**TASK TO CARRY OUT:** Locate, in the data below, the line that contains "move=> [/= [n" and the line that contains "move=> k; have [? ?] := Foo k."; reproduce exactly those two lines and every line between them, nothing more.

Stored data:
# # # #

(* Let $X=(X(s))_{s\in\mathbb S}$, $\mathbb S\subset\mathbb R^2$, be a stationary spatial process and let $\mathcal D_X=(\mathcal D_X(s))_{s\in\mathbb S}$ be a positive damage function of $X$. For a region $\mathcal A\subset\mathbb S$ of finite positive Lebesgue measure $|\mathcal A|$ put $$L(\mathcal A,\mathcal D_X)=\frac{1}{|\mathcal A|}\int_{\mathcal A}\mathcal D_X(s)\,\mathrm ds,\qquad \mathcal R_1(\mathcal A,\mathcal D_X)=\mathrm{Var}\big(L(\mathcal A,\mathcal D_X)\big).$$ Then: (i) (invariance by translation) for every region $\mathcal A$ and every $v\in\mathbb R^2$ with $\mathcal A+v\subset\mathbb S$, $\mathcal R_1(\mathcal A+v,\mathcal D_X)=\mathcal R_1(\mathcal A,\mathcal D_X)$; (ii) (sub-additivity) for any two disjoint regions $\mathcal A_1,\mathcal A_2\subset\mathbb S$, $\mathcal R_1(\mathcal A_1\cup\mathcal A_2,\mathcal D_X)\le \mathcal R_1(\mathcal A_1,\mathcal D_X)+\mathcal R_1(\mathcal A_2,\mathcal D_X)$.
   Context: A damage function of $X$ is a nonnegative process obtained pointwise from $X$, i.e. $\mathcal D_X(s)=g(X(s))$ for a fixed measurable function $g$ with values in $\mathbb R_+$ (for example $g(x)=(x-u)^+$); it is assumed that $\mathcal D_X$ is jointly measurable and square integrable so that the integrals and variances above are well defined. $\mathcal A+v=\{a+v:a\in\mathcal A\}$. *)

From HB Require Import structures.
From mathcomp Require Import all_boot all_order all_algebra.
From mathcomp Require Import all_classical all_reals all_analysis.
Set Implicit Arguments. Unset Strict Implicit. Unset Printing Implicit Defensive.
Import Order.TTheory GRing.Theory Num.Theory.
Local Open Scope classical_set_scope.
Local Open Scope ring_scope.

Definition leb2 (R : realType) :=
  ((@lebesgue_measure R) \x (@lebesgue_measure R))%E.

Arguments leb2 R : clear implicits.

Definition translate (R : realType) (A : set (R * R)) (v : R * R) : set (R * R) :=
  [set a + v | a in A].

(* Strict stationarity of X on S: all finite-dimensional distributions
   (determined by their values on measurable rectangles) are invariant under
   every translation v that keeps the sites inside S. *)
Definition stationary d (Omega : measurableType d) (R : realType)
  (P : probability Omega R) (S : set (R * R)) (X : R * R -> Omega -> R) : Prop :=
  forall (n : nat) (s : 'I_n -> R * R) (v : R * R) (B : 'I_n -> set R),
    (forall i, S (s i)) -> (forall i, S (s i + v)) ->
    (forall i, measurable (B i)) ->
    P (\bigcap_(i in [set: 'I_n]) [set w | B i (X (s i + v) w)]) =
    P (\bigcap_(i in [set: 'I_n]) [set w | B i (X (s i) w)]).

Definition region (R : realType) (S A : set (R * R)) : Prop :=
  [/\ measurable A, A `<=` S, (0 < leb2 R A)%E & (leb2 R A < +oo)%E].

Definition Lavg d (Omega : measurableType d) (R : realType)
  (D : R * R -> Omega -> R) (A : set (R * R)) : Omega -> R :=
  fun w => (fine (leb2 R A))^-1 * Rintegral (leb2 R) A (fun s => D s w).

Definition R1 d (Omega : measurableType d) (R : realType)
  (P : probability Omega R) (D : R * R -> Omega -> R) (A : set (R * R)) : \bar R :=
  'V_P[Lavg D A].

(* Write L(A) = M_A / |A| with M_A(w) = \int_A D(s, w) ds.  By Tonelli,
   E[M_A] = \int_A E[D(s)] ds and E[M_A^2] = \int_A \int_A E[D(s) D(t)] ds dt.
   These integrands only involve the joint law of (X(s), X(t)), which
   stationarity leaves unchanged under a common shift of s and t, and they are
   bounded by E[D(s)^2] + E[D(t)^2] = 2 E[D(s0)^2] < oo.
   (i) Lebesgue measure is translation invariant, so M_{A+v} is M_A computed for
   the shifted field D(. + v), whose first two moments are those of D.
   (ii) For disjoint regions, L(A1 u A2) = a L(A1) + b L(A2) with
   a = |A1| / |A1 u A2| and b = 1 - a, and
   Var(a Y + b Z) = a Var Y + b Var Z - a b Var(Y - Z) <= Var Y + Var Z. *)

From HB Require Import structures.
From mathcomp Require Import all_boot all_order all_algebra.
From mathcomp Require Import all_classical all_reals all_analysis.
From mathcomp Require Import measurable_realfun ring lra.
Import Order.TTheory GRing.Theory Num.Theory.
Set Implicit Arguments. Unset Strict Implicit. Unset Printing Implicit Defensive.
Local Open Scope classical_set_scope.
Local Open Scope ring_scope.

HB.instance Definition _ (R : realType) := Measure.on (leb2 R).

Lemma sigma_finite_leb2 (R : realType) : sigma_finite setT (leb2 R).
Proof.
have /sigma_finiteP[F [TF ndF Foo]] := sigma_finiteT (@lebesgue_measure R).
exists (fun n => F n `*` F n).
  rewrite -setXTT TF predeqE => -[x y]; split.
    move=> [/= [n _ Fnx] [k _ Fky]]; exists (maxn n k) => //; split.
    - by move: x Fnx; exact/subsetPset/ndF/leq_maxl.
    - by move: y Fky; exact/subsetPset/ndF/leq_maxr.
  by move=> [n _ []/= ? ?]; split; exists n.
move=> k; have [? ?] := Foo k.
split; first exact: measurableX.
by rewrite /leb2 product_measure1E// lte_mul_pinfty// ge0_fin_numE.
Qed.

HB.instance Definition _ (R : realType) :=
  Measure_isSigmaFinite.Build _ _ _ (leb2 R) (sigma_finite_leb2 R).

Section lebesgue_translation.
Context (R : realType).
Local Open Scope ereal_scope.

Lemma pushforward_lebesgue_measure_addr (c : R) (A : set R) : measurable A ->
  pushforward lebesgue_measure ((fun x => x + c)%R : _ -> measurableTypeR R) A =
  lebesgue_measure A.
Proof.
move=> mA; apply/esym/lebesgue_measure_unique => //=; first exact: measurable_funD.
move=> _ _ /ocitvP[->|[[a b] /= ab ->]]; first by rewrite /pushforward !measure0.
rewrite /pushforward.
have -> : (fun x => x + c)%R @^-1` `]a, b]%classic = `](a - c)%R, (b - c)%R]%classic.
  by apply/seteqP; split => x /=; rewrite !in_itv/= ltrBlDr lerBrDr.
rewrite !lebesgue_measure_itv/= !lte_fin ab ltrD2r ab -!EFinB.
by congr (_%:E); lra.
Qed.

Local Notation RR := (measurableTypeR R * measurableTypeR R)%type.

Lemma measurable_addr2 (v : R * R) :
  measurable_fun [set: RR] ((fun p : R * R => p + v)%R : RR -> RR).
Proof.
apply/measurable_fun_pairP; split.
- exact: measurable_funD measurable_fst (measurable_cst v.1).
- exact: measurable_funD measurable_snd (measurable_cst v.2).
Qed.

Lemma pushforward_leb2_addr (v : R * R) (A : set (R * R)) : measurable A ->
  pushforward (leb2 R) ((fun p => p + v)%R : RR -> RR) A = leb2 R A.
Proof.
move=> mA; apply/esym; rewrite [LHS]/leb2.
apply: product_measure_unique => //; first exact: measurable_addr2.
move=> mf A1 A2 mA1 mA2 /=; rewrite /pushforward.
have -> : (fun p => p + v)%R @^-1` (A1 `*` A2) =
    ((fun x => x + v.1)%R @^-1` A1) `*` ((fun x => x + v.2)%R @^-1` A2) by [].
rewrite /leb2 product_measure1E; last 2 first.
- by rewrite -[X in measurable X]setTI; exact: measurable_funD.
- by rewrite -[X in measurable X]setTI; exact: measurable_funD.
by congr (_ * _); exact: pushforward_lebesgue_measure_addr.
Qed.

Lemma translateE (A : set (R * R)) (v : R * R) :
  translate A v = (fun p => p - v)%R @^-1` A.
Proof.
apply/seteqP; split => [_ [a Aa <-]|p Ap] /=; first by rewrite addrK.
by exists (p - v)%R => //; rewrite subrK.
Qed.

Lemma measurable_translate (A : set (R * R)) (v : R * R) : measurable A ->
  measurable (translate A v).
Proof.
by move=> mA; rewrite translateE -[X in measurable X]setTI; exact: measurable_addr2.
Qed.

Lemma leb2_translate (A : set (R * R)) (v : R * R) : measurable A ->
  leb2 R (translate A v) = leb2 R A.
Proof. by move=> mA; rewrite translateE; exact: pushforward_leb2_addr. Qed.

Lemma ge0_integral_translate (A : set (R * R)) (v : R * R) (f : R * R -> \bar R) :
  measurable A -> measurable_fun (translate A v) f ->
  (forall x, translate A v x -> 0 <= f x) ->
  \int[leb2 R]_(s in translate A v) f s = \int[leb2 R]_(s in A) f (s + v)%R.
Proof.
move=> mA mf f0; set T := translate A v.
have -> : A = (fun p => p + v)%R @^-1` T.
  by apply/seteqP; split => [p Ap|p [a Aa /addIr <-//]]; exists p.
rewrite -(ge0_integral_pushforward (measurable_addr2 v)); last 3 first.
- exact: measurable_translate.
- exact: mf.
- by move=> x /set_mem; exact: f0.
have E B : measurable B -> B `<=` T ->
    pushforward (leb2 R) ((fun p => p + v)%R : RR -> RR) B = leb2 R B.
  by move=> mB _; exact: pushforward_leb2_addr.
by rewrite [RHS](eq_measure_integral (leb2 R) E) //; exact: measurable_addr2.
Qed.
End lebesgue_translation.

Section stationary_pairs.
Local Open Scope ereal_scope.
Context d (Omega : measurableType d) (R : realType) (P : probability Omega R).
Variables (S : set (R * R)) (X : R * R -> Omega -> R).
Hypothesis mX : forall s, S s -> measurable_fun setT (X s).
Hypothesis stX : stationary P S X.

Lemma stationary_rectangle (s t v : R * R) (A B : set R) :
  S s -> S t -> S (s + v)%R -> S (t + v)%R -> measurable A -> measurable B ->
  P [set w | A (X (s + v)%R w) /\ B (X (t + v)%R w)] =
  P [set w | A (X s w) /\ B (X t w)].
Proof.
move=> Ss St Ssv Stv mA mB.
pose u (i : 'I_2) := if val i == 0%N then s else t.
pose C (i : 'I_2) := if val i == 0%N then A else B.
have pairE (x : 'I_2 -> R * R) : \bigcap_(i in [set: 'I_2]) [set w | C i (X (x i) w)] =
    [set w | A (X (x ord0) w) /\ B (X (x ord_max) w)].
  apply/seteqP; split => [w Cw|w [Aw Bw] i _].
    by split; [exact: (Cw ord0 I) | exact: (Cw ord_max I)].
  have [->|->] : i = ord0 \/ i = ord_max.
    by case: i => -[|[|//]] ?; [left|right]; exact: val_inj.
  - exact: Aw.
  - exact: Bw.
have := @stX 2%N u v C; rewrite !pairE; apply.
- by move=> [[|[|//]]].
- by move=> [[|[|//]]].
- by move=> [[|[|//]]].
Qed.

Lemma stationary_integral_pair (s t v : R * R) (h : R * R -> \bar R) :
  S s -> S t -> S (s + v)%R -> S (t + v)%R ->
  measurable_fun setT h -> (forall z, 0 <= h z) ->
  \int[P]_w h (X (s + v)%R w, X (t + v)%R w) = \int[P]_w h (X s w, X t w).
Proof.
move=> Ss St Ssv Stv mh h0.
have mXst := measurable_fun_pair (mX Ss) (mX St).
have mXstv := measurable_fun_pair (mX Ssv) (mX Stv).
have := ge0_integral_pushforward mXst P measurableT (measurable_funTS mh)
  (fun y _ => h0 y).
have := ge0_integral_pushforward mXstv P measurableT (measurable_funTS mh)
  (fun y _ => h0 y).
rewrite !preimage_setT => <- <-.
apply: eq_measure_integral => C mC _.
apply: (measure_unique _ (fun=> setT) (measurable_prod_measurableType _ _)) => //.
- move=> _ _ [A1 mA1 [B1 mB1 <-]] [A2 mA2 [B2 mB2 <-]]; rewrite -setXI.
  exists (A1 `&` A2); first exact: measurableI.
  by exists (B1 `&` B2) => //; exact: measurableI.
- by move=> _; exists setT => //; exists setT => //; rewrite setXTT.
- by rewrite bigcup_const.
- by move=> _ [A mA [B mB <-]]; exact: stationary_rectangle.
- by move=> _ /=; rewrite /pushforward preimage_setT probability_setT ltry.
Qed.
End stationary_pairs.

Section ge0_le_integral_nomeas.
Local Open Scope ereal_scope.
Context d (T : measurableType d) (R : realType) (mu : {measure set T -> \bar R}).

(* The integral of a nonnegative function is a supremum over the simple
   functions below it, so monotonicity needs no measurability. *)
Lemma ge0_le_integral_nomeas (D : set T) (f1 f2 : T -> \bar R) :
  (forall x, D x -> 0 <= f1 x) -> (forall x, D x -> f1 x <= f2 x) ->
  \int[mu]_(x in D) f1 x <= \int[mu]_(x in D) f2 x.
Proof.
move=> f10 f12; rewrite (integral_mkcond D f1) (integral_mkcond D f2).
have f10' x : 0 <= (f1 \_ D) x by rewrite patchE; case: ifPn => // /set_mem/f10.
have f12' x : (f1 \_ D) x <= (f2 \_ D) x.
  by rewrite !patchE; case: ifPn => // /set_mem/f12.
rewrite !ge0_integralTE//; last by move=> x; exact: le_trans (f10' x) (f12' x).
apply: ereal_sup_le => _ [h hf1 <-]; exists h => //= x.
exact: le_trans (hf1 x) (f12' x).
Qed.

End ge0_le_integral_nomeas.

Section tonelli_moments.
Local Open Scope ereal_scope.
Context d1 d2 (T : measurableType d1) (Omega : measurableType d2) (R : realType).
Variables (mu : {sigma_finite_measure set T -> \bar R})
  (P : {sigma_finite_measure set Omega -> \bar R}).
Implicit Types h : T -> Omega -> \bar R.

Lemma measurable_fun_integral_curry h :
  measurable_fun setT (fun p : T * Omega => h p.1 p.2) -> (forall s w, 0 <= h s w) ->
  measurable_fun setT (fun w => \int[mu]_s h s w).
Proof.
by move=> mh h0; exact: (measurable_fun_fubini_tonelli_G _ mh (fun p => h0 p.1 p.2)).
Qed.

Lemma fubini_tonelli_curry h :
  measurable_fun setT (fun p : T * Omega => h p.1 p.2) -> (forall s w, 0 <= h s w) ->
  \int[P]_w \int[mu]_s h s w = \int[mu]_s \int[P]_w h s w.
Proof. by move=> mh h0; rewrite (fubini_tonelli _ mh (fun p => h0 p.1 p.2)). Qed.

# # # #

**OUTPUT BELOW:**
    move=> [/= [n _ Fnx] [k _ Fky]]; exists (maxn n k) => //; split.
    - by move: x Fnx; exact/subsetPset/ndF/leq_maxl.
    - by move: y Fky; exact/subsetPset/ndF/leq_maxr.
  by move=> [n _ []/= ? ?]; split; exists n.
move=> k; have [? ?] := Foo k.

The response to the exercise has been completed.